El Greco drew the subject of his painting from passages describing the fall of Troy in Virgil’s epic poem The Aeneid. Laocoon appears in Virgil’s narrative as a Trojan priest who warned his fellow citizens against accepting the wooden horse offered to them by the Greeks. The Greeks claimed that the horse was an offering to Minerva, whose temple lay within Troy. While the Trojans were debating the offer, Laocoon was suddenly attacked by two huge snakes, who coiled themselves around him and his two sons. All three died in agony. The Trojans interpreted this as a sign of Minerva’s displeasure (when in fact it was the doing of Apollo, who favoured the Greeks in the battle for Troy), so the gates were opened to the wooden horse, and the city fell.

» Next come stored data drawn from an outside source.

Definition cont_mxfun m n (F : C -> 'M[C]_(m, n)) : Prop :=
  forall i j,
    continuous (fun p : (R * R)%type => complex.Re (F (p.1 +i* p.2) i j)) /\
    continuous (fun p : (R * R)%type => complex.Im (F (p.1 +i* p.2) i j)).

(* E_pi and E_pi' are isomorphic as topological complex vector bundles over
   C/Lambda: a continuous bundle isomorphism lifts to a continuous map
   Phi : C -> Iso(H_pi, H_pi') (with continuous inverse Psi) intertwining
   the factors of automorphy. *)
Definition bundle_iso (theta : R) (tau : C) m n
  (U V : 'M[C]_n) (U' V' : 'M[C]_m) : Prop :=
  exists (Phi : C -> 'M[C]_(m, n)) (Psi : C -> 'M[C]_(n, m)),
    [/\ cont_mxfun Phi, cont_mxfun Psi,
        forall z, Psi z *m Phi z = 1%:M,
        forall z, Phi z *m Psi z = 1%:M &
        forall (a b : int) z,
          Phi (z + (a%:~R + tau * b%:~R)) *m Jfac theta tau U V a b z
          = Jfac theta tau U' V' a b z *m Phi z].

End NCTorus.

From Pilot Require Import Defs.
From HB Require Import structures.
From mathcomp Require Import all_boot all_order all_algebra.
From mathcomp Require Import all_classical all_reals.
From mathcomp Require Import topology normedtype exp trigo.
From mathcomp Require Import all_analysis.
From mathcomp Require Import complex.
From mathcomp Require Import ring lra.
Import Order.TTheory GRing.Theory Num.Theory.
Import numFieldNormedType.Exports.
Local Open Scope ring_scope.
Local Open Scope complex_scope.
Set Implicit Arguments. Unset Strict Implicit. Unset Printing Implicit Defensive.

(* For theta = q/r, omega = e^(2 pi i theta) is a primitive r-th root of unity.  In an
   irreducible representation (U, V), V^r commutes with U and V, hence is a scalar mu^r by
   Schur's lemma.  If x is a unit eigenvector of U with eigenvalue lam, the vectors
   mu^-k V^k x (k < r) are eigenvectors of the unitary U for the distinct eigenvalues
   lam omega^-k, hence orthonormal, and they span a subspace invariant under U and V,
   hence everything.  In this basis U = lam C and V = mu S, with C = diag(omega^-k) the
   clock and S the cyclic shift matrix, so any two irreducible representations differ by a
   unitary conjugation W and scalars s = e^(i sg1), t = e^(i sg2).  Their factors of
   automorphy then differ by the conjugation and the character a + tau b |-> s^-a t^-b,
   which is also the multiplier of the continuous function e^(i (al Re z + be Im z)) for
   suitable real al, be; so z |-> e^(i (al Re z + be Im z)) W is a bundle isomorphism. *)

Section Unitary.
Variable R : realType.
Local Notation C := R[i].

Lemma adjmxM m n p (A : 'M[C]_(m, n)) (B : 'M[C]_(n, p)) :
  adjmx (A *m B) = adjmx B *m adjmx A.
Proof. by rewrite /adjmx map_mxM trmx_mul. Qed.

Lemma adjmxK m n (A : 'M[C]_(m, n)) : adjmx (adjmx A) = A.
Proof. by apply/matrixP => i j; rewrite !mxE conjcK. Qed.

Lemma adjmxZ m n a (A : 'M[C]_(m, n)) : adjmx (a *: A) = a^* *: adjmx A.
Proof. by apply/matrixP => i j; rewrite !mxE rmorphM. Qed.

Lemma adjmx1 n : adjmx (1%:M : 'M[C]_n) = 1%:M.
Proof. by rewrite /adjmx map_mx1 trmx1. Qed.

Lemma unitarymx_invertible n (A : 'M[C]_n) : Defs.unitarymx A -> A \in unitmx.
Proof. by case=> AA _; case: (mulmx1_unit AA). Qed.

Lemma unitarymxX n (A : 'M[C]_n) k : Defs.unitarymx A -> Defs.unitarymx (A ^+ k).
Proof.
move=> [AA AA']; elim: k => [|k [IH IH']].
  by rewrite expr0; split; rewrite adjmx1 mulmx1.
rewrite exprS -mulmxE; split; rewrite adjmxM.
  by rewrite mulmxA -(mulmxA _ _ A) AA mulmx1 IH.
by rewrite mulmxA -(mulmxA A) IH' mulmx1 AA'.
Qed.

Definition cdot n (x y : 'cV[C]_n) : C := (adjmx x *m y) 0 0.

Lemma cdotE n (x y : 'cV[C]_n) : cdot x y = \sum_i (x i 0)^* * y i 0.
Proof. by rewrite /cdot !mxE; apply: eq_bigr => i _; rewrite !mxE. Qed.

Lemma cdotZl n a (x y : 'cV[C]_n) : cdot (a *: x) y = a^* * cdot x y.
Proof. by rewrite /cdot adjmxZ -scalemxAl mxE. Qed.

Lemma cdotZr n a (x y : 'cV[C]_n) : cdot x (a *: y) = a * cdot x y.
Proof. by rewrite /cdot -scalemxAr mxE. Qed.

Lemma cdot_isometry m n (A : 'M[C]_(m, n)) (x y : 'cV[C]_n) :
  adjmx A *m A = 1%:M -> cdot (A *m x) (A *m y) = cdot x y.
Proof. by move=> AA; rewrite /cdot adjmxM mulmxA -(mulmxA _ _ A) AA mulmx1. Qed.

Lemma cdot_ge0 n (x : 'cV[C]_n) : 0 <= cdot x x.
Proof. by rewrite cdotE; apply: sumr_ge0 => i _; rewrite mulrC -normCK exprn_ge0. Qed.

Lemma cdot_eq0 n (x : 'cV[C]_n) : (cdot x x == 0) = (x == 0).
Proof.
apply/idP/eqP => [|->]; last by rewrite /cdot mulmx0 mxE.
rewrite cdotE psumr_eq0 => [/allP x0|i _]; last by rewrite mulrC -normCK exprn_ge0.
apply/matrixP => i j; rewrite (ord1 j) mxE.
have /implyP/(_ isT) := x0 i (mem_index_enum _).
by rewrite mulrC -normCK expf_eq0 /= normr_eq0 => /eqP.
Qed.

Lemma normC_eq1 (a : C) : `|a| = 1 <-> a^* * a = 1.
Proof.
rewrite -normCKC; split=> [->|/eqP a1]; first exact: expr1n.
by apply/eqP; rewrite -(@pexpr_eq1 _ _ 2).
Qed.

Lemma unitary_eigenvalue_norm n (A : 'M[C]_n) (x : 'cV[C]_n) a :
  Defs.unitarymx A -> x != 0 -> A *m x = a *: x -> `|a| = 1.
Proof.
move=> [AA _] x0 Ax; apply/normC_eq1.
have := cdot_isometry x x AA; rewrite Ax cdotZl cdotZr mulrA.
rewrite -{2}[cdot x x]mul1r => /mulIf; apply; by rewrite cdot_eq0.
Qed.

Lemma unitary_eigenvector_orthogonal n (A : 'M[C]_n) (x y : 'cV[C]_n) a b :
  Defs.unitarymx A -> `|a| = 1 -> A *m x = a *: x -> A *m y = b *: y -> a != b ->
  cdot x y = 0.
Proof.
move=> [AA _] /normC_eq1 a1 Ax Ay ab.
have := cdot_isometry x y AA; rewrite Ax Ay cdotZl cdotZr mulrA.
move/eqP; rewrite -subr_eq0 -{2}[cdot x y]mul1r -mulrBl mulf_eq0 subr_eq0.
case/orP=> [/eqP ab1|/eqP //]; case/eqP: ab.
by rewrite -[b]mul1r -a1 mulrAC ab1 mul1r.
Qed.

Lemma unit_eigenvector_exists n (A : 'M[C]_n) : (0 < n)%N ->
  exists x : 'cV[C]_n, exists a, cdot x x = 1 /\ A *m x = a *: x.
Proof.
move=> /(eigenvalue_closed A^T)[a /eigenvalueP[v vA v0]].
set y := v^T; have Ay : A *m y = a *: y by rewrite /y -[A]trmxK -trmx_mul vA linearZ.
have y0 : cdot y y != 0 by rewrite cdot_eq0 trmx_eq0.
exists ((sqrtC (cdot y y))^-1 *: y), a; split.
  rewrite cdotZl cdotZr geC0_conj ?invr_ge0 ?sqrtC_ge0 ?cdot_ge0 //.
  by rewrite mulrA -expr2 exprVn sqrtCK mulVf.
by rewrite -scalemxAr Ay !scalerA mulrC.
Qed.

End Unitary.

Section Expi.
Variable R : realType.
Local Notation C := R[i].

Definition expi (x : R) : C := cos x +i* sin x.

Lemma cexp_imag x : cexp (0 +i* x) = expi x.
Proof. by rewrite /cexp /= expR0 mul1r. Qed.

Lemma expi0 : expi 0 = 1.
Proof. by rewrite /expi cos0 sin0. Qed.

Lemma expiD x y : expi (x + y) = expi x * expi y.
Proof.
by apply/eqP; rewrite eq_complex /= cosD sinD; apply/andP; split; apply/eqP; ring.
Qed.

Lemma expiMn x k : expi x ^+ k = expi (x *+ k).
Proof. by elim: k => [|k IH]; rewrite ?expr0 ?expi0 // exprS IH mulrS expiD. Qed.

Lemma norm_expi x : `|expi x| = 1.
Proof.
apply/normC_eq1/eqP; rewrite eq_complex /=; have := cos2Dsin2 x.
by rewrite !expr2 => h; apply/andP; split; apply/eqP; lra.
Qed.

Lemma expi_neq0 x : expi x != 0.
Proof. by rewrite -normr_eq0 norm_expi oner_eq0. Qed.

Lemma expiN x : expi (- x) = (expi x)^-1.
Proof. by rewrite -[LHS]mul1r -(mulVf (expi_neq0 x)) -mulrA -expiD subrr expi0 mulr1. Qed.

Lemma expiz x (k : int) : expi x ^ k = expi (x * k%:~R).
Proof.
case: k => k; rewrite /exprz expiMn; first by rewrite -mulr_natr.
by rewrite -expiN NegzE intrN mulrN -mulr_natr.
Qed.

Lemma expi_natmul2pi k : expi (pi *+ 2 *+ k) = 1.
Proof. by rewrite -expiMn /expi cos2pi sin2pi expr1n. Qed.

Lemma expi_neq1 x : 0 < x < pi *+ 2 -> expi x != 1.
Proof.
move=> /andP[x0 x2pi]; rewrite eq_complex /= negb_and; apply/orP.
case: (ltrgtP x pi) => xpi.
- by right; rewrite gt_eqF // sin_gt0_pi // x0 xpi.
- right; rewrite -(subrK pi x) sinDpi oppr_eq0 gt_eqF // sin_gt0_pi //.
  by rewrite subr_gt0 xpi ltrBlDr -mulr2n.
- by left; rewrite xpi cospi; apply/eqP => h; have := @ltr01 R; lra.
Qed.

Lemma expi_2pi_ratio_eq1 (k d : nat) : (0 < d)%N ->
  (expi (pi *+ 2 * (k%:R / d%:R)) == 1) = (d %| k)%N.
Proof.
move=> d0; set m := (k %% d)%N.
have dR0 : d%:R != 0 :> R by rewrite pnatr_eq0 -lt0n.
have -> : pi *+ 2 * (k%:R / d%:R) = pi *+ 2 *+ (k %/ d) + pi *+ 2 * (m%:R / d%:R) :> R.
  have kE : k%:R = (k %/ d)%:R * d%:R + m%:R :> R by rewrite -natrM -natrD -divn_eq.
  by rewrite kE -mulr_natr; field.
rewrite expiD expi_natmul2pi mul1r /dvdn -/m.
have [->|m0] := eqVneq m 0%N; first by rewrite mul0r mulr0 expi0 !eqxx.
apply: negbTE; apply: expi_neq1.
have md0 : 0 < m%:R / d%:R :> R by rewrite divr_gt0 ?ltr0n // lt0n.
have md1 : m%:R / d%:R < 1 :> R by rewrite ltr_pdivrMr ?ltr0n // mul1r ltr_nat ltn_mod.
have := @pi_gt0 R; rewrite -mulr_natl => pi0; apply/andP; split; nra.
Qed.

Lemma norm1_expi (s : C) : `|s| = 1 -> exists x, s = expi x.
Proof.
case: s => a b s1.
have ab1 : a ^+ 2 + b ^+ 2 = 1.
  by apply: (@complexI R); have := add_Re2_Im2 (a +i* b); rewrite s1 expr1n.
have a11 : -1 <= a <= 1.
  by have := sqr_ge0 b; rewrite !expr2 in ab1 * => b2; apply/andP; split; nra.
have cos_a : cos (acos a) = a by rewrite acosK // in_itv.
have sin_a : sin (acos a) = `|b| by rewrite sin_acos // -ab1 addrC addKr sqrtr_sqr.
have [b0|b0] := leP 0 b.
  by exists (acos a); rewrite /expi cos_a sin_a ger0_norm.
by exists (- acos a); rewrite /expi cosN sinN cos_a sin_a ltr0_norm // opprK.
Qed.

Definition omega (theta : R) : C := cexp (0 +i* (2 * pi * theta)).

Lemma norm_omega theta : `|omega theta| = 1.
Proof. by rewrite /omega cexp_imag norm_expi. Qed.

Lemma omega_primitive (q r : nat) : (0 < r)%N -> coprime q r ->
  r.-primitive_root (omega (theta_of R q r)).
Proof.
move=> r0 qr; have rR0 : r%:R != 0 :> R by rewrite pnatr_eq0 -lt0n.
have omegaX d : omega (theta_of R q r) ^+ d = expi (pi *+ 2 * ((q * d)%:R / r%:R)).
  by rewrite /omega cexp_imag expiMn -mulr_natr /theta_of natrM; congr expi; field.
rewrite /primitive_root_of_unity r0; apply/forallP => i.
rewrite unity_rootE omegaX expi_2pi_ratio_eq1 // Gauss_dvdr 1?coprime_sym //.
rewrite eqn_leq ltn_ord /=; apply/eqP; apply/idP/idP => [/dvdn_leq -> //|ri].
by have -> : i.+1 = r by apply/eqP; rewrite eqn_leq ri ltn_ord.
Qed.

End Expi.

Section Irreducibility.
Variable R : realType.
Local Notation C := R[i].

Lemma mulmx_exprC n (U V : 'M[C]_n) c k :
  V *m U = c *: (U *m V) -> V ^+ k *m U = c ^+ k *: (U *m V ^+ k).
Proof.
move=> VU; elim: k => [|k IH]; first by rewrite !expr0 scale1r mul1mx mulmx1.
rewrite !exprS -!mulmxE -mulmxA IH -scalemxAr (mulmxA V U) VU -scalemxAl.
by rewrite scalerA mulrC -mulmxA.
Qed.

Lemma irrep_commutant_scalar th n (U V M : 'M[C]_n) : is_irrep th U V ->
  M *m U = U *m M -> M *m V = V *m M -> exists c, M = c%:M.
Proof.
move=> [_ n0 irr] MU MV.
have [c Mc] := eigenvalue_closed M^T n0; exists c.
set B := M^T - c%:M.
have kerB_stable X : M *m X = X *m M -> (kermx B *m X^T <= kermx B)%MS.
  move=> MX; rewrite sub_kermx -mulmxA.
  have -> : X^T *m B = B *m X^T.
    by rewrite /B mulmxBr mulmxBl scalar_mxC -!trmx_mul MX.
  by rewrite mulmxA mulmx_ker mul0mx.
have [kerB0|kerBn] := irr (kermx B) (kerB_stable U MU) (kerB_stable V MV).
  by move: Mc; rewrite /eigenvalue /eigenspace -mxrank_eq0 -/B kerB0 eqxx.
have /row_fullP[B' kerB1] : row_full (kermx B) by rewrite /row_full kerBn.
have /eqP : B = 0 by rewrite -[B]mul1mx -kerB1 -mulmxA mulmx_ker mulmx0.
by rewrite subr_eq0 => /eqP MTc; rewrite -[M]trmxK MTc tr_scalar_mx.
Qed.

Lemma irrep_isometry_unitary th n m (U V : 'M[C]_n) (Y : 'M[C]_(n, m))
    (A B : 'M[C]_m) :
  is_irrep th U V -> (0 < m)%N -> adjmx Y *m Y = 1%:M ->
  U *m Y = Y *m A -> V *m Y = Y *m B -> Y *m adjmx Y = 1%:M.
Proof.
move=> [_ _ irr] m0 YY UY VY.
have colY_stable X D : X *m Y = Y *m D -> (<<Y^T>> *m X^T <= <<Y^T>>)%MS.
  by move=> XY; rewrite (eqmxMr _ (genmxE _)) genmxE -trmx_mul XY trmx_mul submxMl.
have [Y0|Yfull] := irr _ (colY_stable _ _ UY) (colY_stable _ _ VY).
  move/eqP: Y0; rewrite genmxE mxrank_eq0 trmx_eq0 => /eqP Y0.
  move: YY; rewrite Y0 mulmx0 => /matrixP/(_ (Ordinal m0) (Ordinal m0)).
  by rewrite !mxE eqxx => /eqP; rewrite eq_sym oner_eq0.
have /row_fullP[B' YB'] : row_full Y^T by rewrite /row_full -genmxE Yfull.
have YB'1 : Y *m B'^T = 1%:M by rewrite -[Y]trmxK -trmx_mul YB' trmx1.
by rewrite -[LHS]mulmx1 -YB'1 mulmxA -(mulmxA Y) YY mulmx1.
Qed.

El Greco was born on the island of Crete, where he learned the rudiments of art before leaving to study in Italy and finally settling in the Spanish city of Toledo in the late 1570s. In Rome he saw a famous classical sculpture of the death of Laocoon and his sons, which had only been dug up in 1506, and which clearly stuck in his memory. In El Greco’s painting, which resembles a vision or hallucination, the tightly knit figures of the classical sculpture have been pulled apart. The energies of the snakes that torment Laocoon and his sons have been transferred to their own pallid, writhing bodies. The standing figure on the right, with his strikingly elongated and sinuous legs, shimmering against the dark background, might almost be metamorphosing into a serpent. The snakes’ victims are too wrapped up in their death agonies to exhibit any emotions other than pain and dread.

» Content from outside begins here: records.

(* Uniformly in $0<\alpha<1/2$, for all $u\ge2$, \[\sqrt{Y_1}=u^{1/(2\alpha)}+O\Bigl(\frac1{u^2}\Bigr),\] where $Y_1=Y_1(u,\alpha)$ is the unique positive solution $Y$ of $u=Y^\alpha-Y^{-1-\alpha}$. *)

From Stdlib Require Export Reals.
Open Scope R_scope.

Definition is_Y1 (u alpha Y : R) : Prop :=
  0 < Y /\ u = Rpower Y alpha - Rpower Y (-1 - alpha).

(** With [L = ln Y], [sqrt Y = exp (L/2)] and [u^(1/(2 alpha)) = exp (ln u / (2 alpha))].
    Since [Y^alpha = u + Y^(-1-alpha)], the exponents differ by
    [(alpha L - ln u) / (2 alpha) <= Y^(-1-alpha) / (2 alpha u)], and [e^x - e^y <= e^x (x - y)]
    together with [Y^(-1-alpha) = 1 / (Y Y^alpha)] and [Y^alpha > u] turns this into [0 <= sqrt Y - u^(1/(2 alpha)) <= 1 / (2 alpha sqrt Y u^2)].
    Finally [2 alpha sqrt Y >= alpha L > ln u >= ln 2 > 1/2], which gives the constant [2]. *)

From Stdlib Require Import Reals Lra.
Open Scope R_scope.

Lemma ln_1p_le t : -1 < t -> ln (1 + t) <= t.
Proof.
  intros Ht; pose proof (exp_ineq1_le (ln (1 + t))) as H.
  rewrite exp_ln in H by lra; lra.
Qed.

Lemma exp_sub_exp_le x y : exp x - exp y <= exp x * (x - y).
Proof.
  assert (H : exp x * (1 + (y - x)) <= exp x * exp (y - x)).
  { apply Rmult_le_compat_l; [left; apply exp_pos | apply exp_ineq1_le]. }
  rewrite <- exp_plus in H; replace (x + (y - x)) with y in H by ring; lra.
Qed.

Lemma Rpower_m1_sub x a : 0 < x -> Rpower x (-1 - a) = / (x * Rpower x a).
Proof.
  intros Hx; replace (-1 - a) with (- (1 + a)) by ring.
  now rewrite Rpower_Ropp, Rpower_plus, Rpower_1.
Qed.

Lemma sqrt_exp_ln x : 0 < x -> sqrt x = exp (ln x / 2).
Proof.
  intros Hx; rewrite <- Rpower_sqrt by exact Hx; unfold Rpower; f_equal; field.
Qed.

Lemma inv2_lt_ln x : 2 <= x -> / 2 < ln x.
Proof.
  intros Hx; pose proof ln_lt_2 as H2.
  destruct (Req_dec x 2) as [-> | Hne]; [exact H2|].
  assert (ln 2 < ln x) by (apply ln_increasing; lra); lra.
Qed.

Section Y1.

Variables alpha u Y : R.
Hypothesis alpha_pos : 0 < alpha.
Hypothesis u_pos : 0 < u.
Hypothesis Y_pos : 0 < Y.
Hypothesis u_def : u = Rpower Y alpha - Rpower Y (-1 - alpha).

Lemma Y1_Rpower_gt : u < Rpower Y alpha.
Proof. pose proof (exp_pos ((-1 - alpha) * ln Y)); unfold Rpower in *; lra. Qed.

Lemma Y1_ln_lt : ln u < alpha * ln Y.
Proof. rewrite <- ln_Rpower; exact (ln_increasing _ _ u_pos Y1_Rpower_gt). Qed.

Lemma Y1_ln_gap_le : alpha * ln Y - ln u <= Rpower Y (-1 - alpha) / u.
Proof.
  set (D := Rpower Y (-1 - alpha)) in *.
  assert (HD : 0 < D / u) by (apply Rdiv_lt_0_compat; [apply exp_pos | exact u_pos]).
  assert (Hsplit : Rpower Y alpha = u * (1 + D / u)).
  { replace (u * (1 + D / u)) with (u + D) by (field; lra); lra. }
  rewrite <- ln_Rpower, Hsplit, ln_mult by lra.
  pose proof (ln_1p_le (D / u)); lra.
Qed.

Lemma Y1_Rpower_le_sqrt : Rpower u (1 / (2 * alpha)) <= sqrt Y.
Proof.
  rewrite sqrt_exp_ln by exact Y_pos; unfold Rpower; left; apply exp_increasing.
  pose proof Y1_ln_lt.
  apply Rmult_lt_reg_l with (2 * alpha); [lra|]; field_simplify; lra.
Qed.

Lemma Y1_sqrt_sub_le :
  sqrt Y - Rpower u (1 / (2 * alpha)) <= / (2 * alpha * sqrt Y * u ^ 2).
Proof.
  set (s := sqrt Y); set (P := Rpower Y alpha).
  assert (Hs : 0 < s) by (apply sqrt_lt_R0; exact Y_pos).
  assert (Hss : s * s = Y) by (apply sqrt_sqrt; lra).
  assert (HuP : u < P) by exact Y1_Rpower_gt.
  assert (Hexp : s - Rpower u (1 / (2 * alpha))
                 <= s * ((alpha * ln Y - ln u) / (2 * alpha))).
  { unfold s; rewrite sqrt_exp_ln by exact Y_pos; unfold Rpower.
    replace ((alpha * ln Y - ln u) / (2 * alpha))
      with (ln Y / 2 - 1 / (2 * alpha) * ln u) by (field; lra).
    apply exp_sub_exp_le. }
  assert (Hgap : s * ((alpha * ln Y - ln u) / (2 * alpha))
                 <= s * (Rpower Y (-1 - alpha) / u / (2 * alpha))).
  { apply Rmult_le_compat_l; [lra|].
    unfold Rdiv; apply Rmult_le_compat_r; [left; apply Rinv_0_lt_compat; lra|].
    exact Y1_ln_gap_le. }
  assert (Hval : s * (Rpower Y (-1 - alpha) / u / (2 * alpha))
                 = / (2 * alpha * s * u * P)).
  { rewrite Rpower_m1_sub by exact Y_pos; fold P; rewrite <- Hss.
    field; repeat split; lra. }
  assert (Hinv : / (2 * alpha * s * u * P) <= / (2 * alpha * s * u ^ 2)).
  { apply Rinv_le_contravar; [repeat apply Rmult_lt_0_compat; lra|].
    assert (0 < 2 * alpha * s * u) by (repeat apply Rmult_lt_0_compat; lra).
    nra. }
  lra.
Qed.

Lemma Y1_ln_lt_sqrt : ln u < 2 * alpha * sqrt Y.
Proof.
  rewrite sqrt_exp_ln by exact Y_pos.
  assert (H : alpha * (1 + ln Y / 2) <= alpha * exp (ln Y / 2))
    by (apply Rmult_le_compat_l; [lra | apply exp_ineq1_le]).
  pose proof Y1_ln_lt; lra.
Qed.

End Y1.

Theorem lemma14 :
  exists C : R, 0 < C /\
    forall alpha u Y : R,
      0 < alpha < 1/2 -> 2 <= u -> is_Y1 u alpha Y ->
      Rabs (sqrt Y - Rpower u (1 / (2 * alpha))) <= C / u ^ 2.
Proof.
  exists 2; split; [lra|].
  intros alpha u Y [Ha _] Hu [HY Hdef].
  assert (Hu0 : 0 < u) by lra.
  rewrite Rabs_pos_eq
    by (pose proof (Y1_Rpower_le_sqrt alpha u Y Ha Hu0 HY Hdef); lra).
  eapply Rle_trans; [exact (Y1_sqrt_sub_le alpha u Y Ha Hu0 HY Hdef)|].
  assert (Hlarge : / 2 < 2 * alpha * sqrt Y).
  { pose proof (inv2_lt_ln u Hu); pose proof (Y1_ln_lt_sqrt alpha u Y Ha Hu0 HY Hdef); lra. }
  replace (2 / u ^ 2) with (/ (/ 2 * u ^ 2)) by (field; lra).
  apply Rinv_le_contravar; [apply Rmult_lt_0_compat; [lra | apply pow_lt; lra]|].
  apply Rmult_le_compat_r; [apply pow_le; lra | lra].
Qed.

The figures observing the scene from the right have been variously identified as Paris and Helen, Adam and Eve, Apollo and Artemis. They are ambiguously painted and if there are indeed only two figures, as many historians have assumed, it seems strange that they should have what appear to be five legs between them. It is possible that El Greco never quite finished this part of the painting (which was still in his studio at his death) and remained undecided whether these figures should number two or three. Whoever they are, their function is presumably to alert the viewer that the scene of Laocoon’s death is to be viewed not merely as a scene from a story, but as matter for solemn contemplation.

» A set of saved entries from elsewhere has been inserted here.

Lemma nbhs_dense_ball (n : nat) : nbhs s0 (dense_ball n).
Proof.
have near_k (k : 'I_n.+1) := nbhs_wstar_eval s0 (e k) (natSinv_gt0 K n).
apply: filterS (filter_forall _ near_k) => u u_n k kn.
exact: (u_n (@Ordinal n.+1 k kn)).
Qed.

Lemma dense_ball_cluster_eq (c : wstar X) : dual X c ->
  (forall n, closure (dense_ball n) c) -> c = s0.
Proof.
move=> c_dual c_cl.
apply: (continuous_eq_on_dense (@norm_hausdorff _ K^o) e_dense c_dual.2
  s0_dual.2) => _ [k _ <-].
apply/eqP; apply: contraT => c_neq.
set r : K := `|s0 (e k) - c (e k)|.
have r_gt0 : 0 < r by rewrite normr_gt0 subr_eq0 eq_sym.
have [n0 n0_small] := archi _ (divr_gt0 r_gt0 (ltr0Sn _ 1)).
pose N := maxn n0 k.
have N_small : N.+1%:R^-1 < r / 2.
  exact: le_lt_trans (natSinv_le K (leq_maxl n0 k)) n0_small.
have [v [v_N cv]] := c_cl N _ (nbhs_wstar_eval c (e k) (natSinv_gt0 _ N)).
have : r < r / 2 + r / 2.
  apply: le_lt_trans (ler_distD (v (e k)) _ _) _.
  rewrite ltrD //; first exact: lt_trans (v_N k (leq_maxr _ _)) N_small.
  by rewrite distrC; exact: lt_trans cv N_small.
by rewrite -splitr ltxx.
Qed.

Lemma compact_meets_dense_balls (C : set (wstar X)) :
  compact C -> C `<=` dual X -> (forall n, C `&` dense_ball n !=set0) -> C s0.
Proof.
move=> C_cpt C_dual C_meets.
pose G := filter_from [set: nat] (fun n => C `&` dense_ball n).
have G_proper : ProperFilter G.
  apply: filter_from_proper => [|n _]; last exact: C_meets.
  apply: filter_fromT_filter => [|n m]; first by exists 0%N.
  exists (maxn n m) => u [Cu u_nm].
  split; split => //; [exact: dense_ball_le (leq_maxl n m) _ u_nm |
                       exact: dense_ball_le (leq_maxr n m) _ u_nm].
have G_C : G C by exists 0%N => // u [].
have [c [Cc c_cl]] := C_cpt G G_proper G_C.
suff <- : c = s0 by [].
apply: dense_ball_cluster_eq (C_dual _ Cc) _ => n B c_B.
have [|v [[_ v_n] Bv]] := c_cl (C `&` dense_ball n) B _ c_B; first by exists n.
by exists v.
Qed.

Lemma compact_dense_ball_sub (C : set (wstar X)) (x : X) (eps : K) :
  compact C -> C `<=` dual X -> 0 < eps ->
  exists n, C `&` dense_ball n `<=` [set u | `|s0 x - u x| < eps].
Proof.
move=> C_cpt C_dual eps_gt0; apply: contrapT => no_n.
suff : (C `&` ~` [set u | `|s0 x - u x| < eps]) s0.
  by case=> _; apply; rewrite /= subrr normr0.
apply: compact_meets_dense_balls => [||n].
- apply: compact_closedI C_cpt _; rewrite closedC; exact: open_wstar_eval_ball.
- by move=> u [/C_dual].
- apply: contrapT => C'_miss; apply: no_n; exists n => u [Cu u_n].
  by apply: contrapT => far; apply: C'_miss; exists u.
Qed.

El Greco has transposed the setting of the story from the plains of Troy to a hillside overlooking his adopted home town of Toledo. It was common practice to project biblical or mythological scenes into the present day but in this case there is probably an allegorical edge to the device. The erudite co-author of the National Gallery’s catalogue, David Davies, argues that El Greco may have intended his audience to see in the figure of Laocoon a mythological archetype of the Christian priest whose warnings go fatally unheeded. The painter may even have had a specific contemporary priest in mind, namely the cleric Bartolome Carranza, who had been consecrated Archbishop of Toledo in 1558, and had preached vigorously against the sins of heresy – which he even invoked, in one of his sermons, by using the distinctly Trojan simile of “a breach in the walls”. But Carranza was regarded with suspicion by some of his fellow Dominicans and was subsequently accused of heresy himself by the Inquisition, who imprisoned him for seventeen years. He died soon after his release, and his supporters – who included some of El Greco’s most prominent patrons and associates came to regard him as a maligned religious hero.
Carranza placed great emphasis on spirituality and believed passionately in the value of inner mental prayer, and ideas such as his seem to have played an important part in the shaping of El Greco’s extraordinary style of painting, marked as it is by forms and figures so attenuated and flame-like they seem like emanations of pure spirit. The artist was extremely devout, particularly in his later years, so perhaps he did intend this picture to symbolize the fate that had befallen one of his mentors. The picture also has the character of a warning, direly prophecying the fate that will befall Toledo unless its citizens listen to the words of spiritual truth. The beady-eyed snakes hiss and bite, calling to mind the serpent in the garden of Eden. Dramatic storm clouds swirl in the sky over the city, like a portent of apocalypse.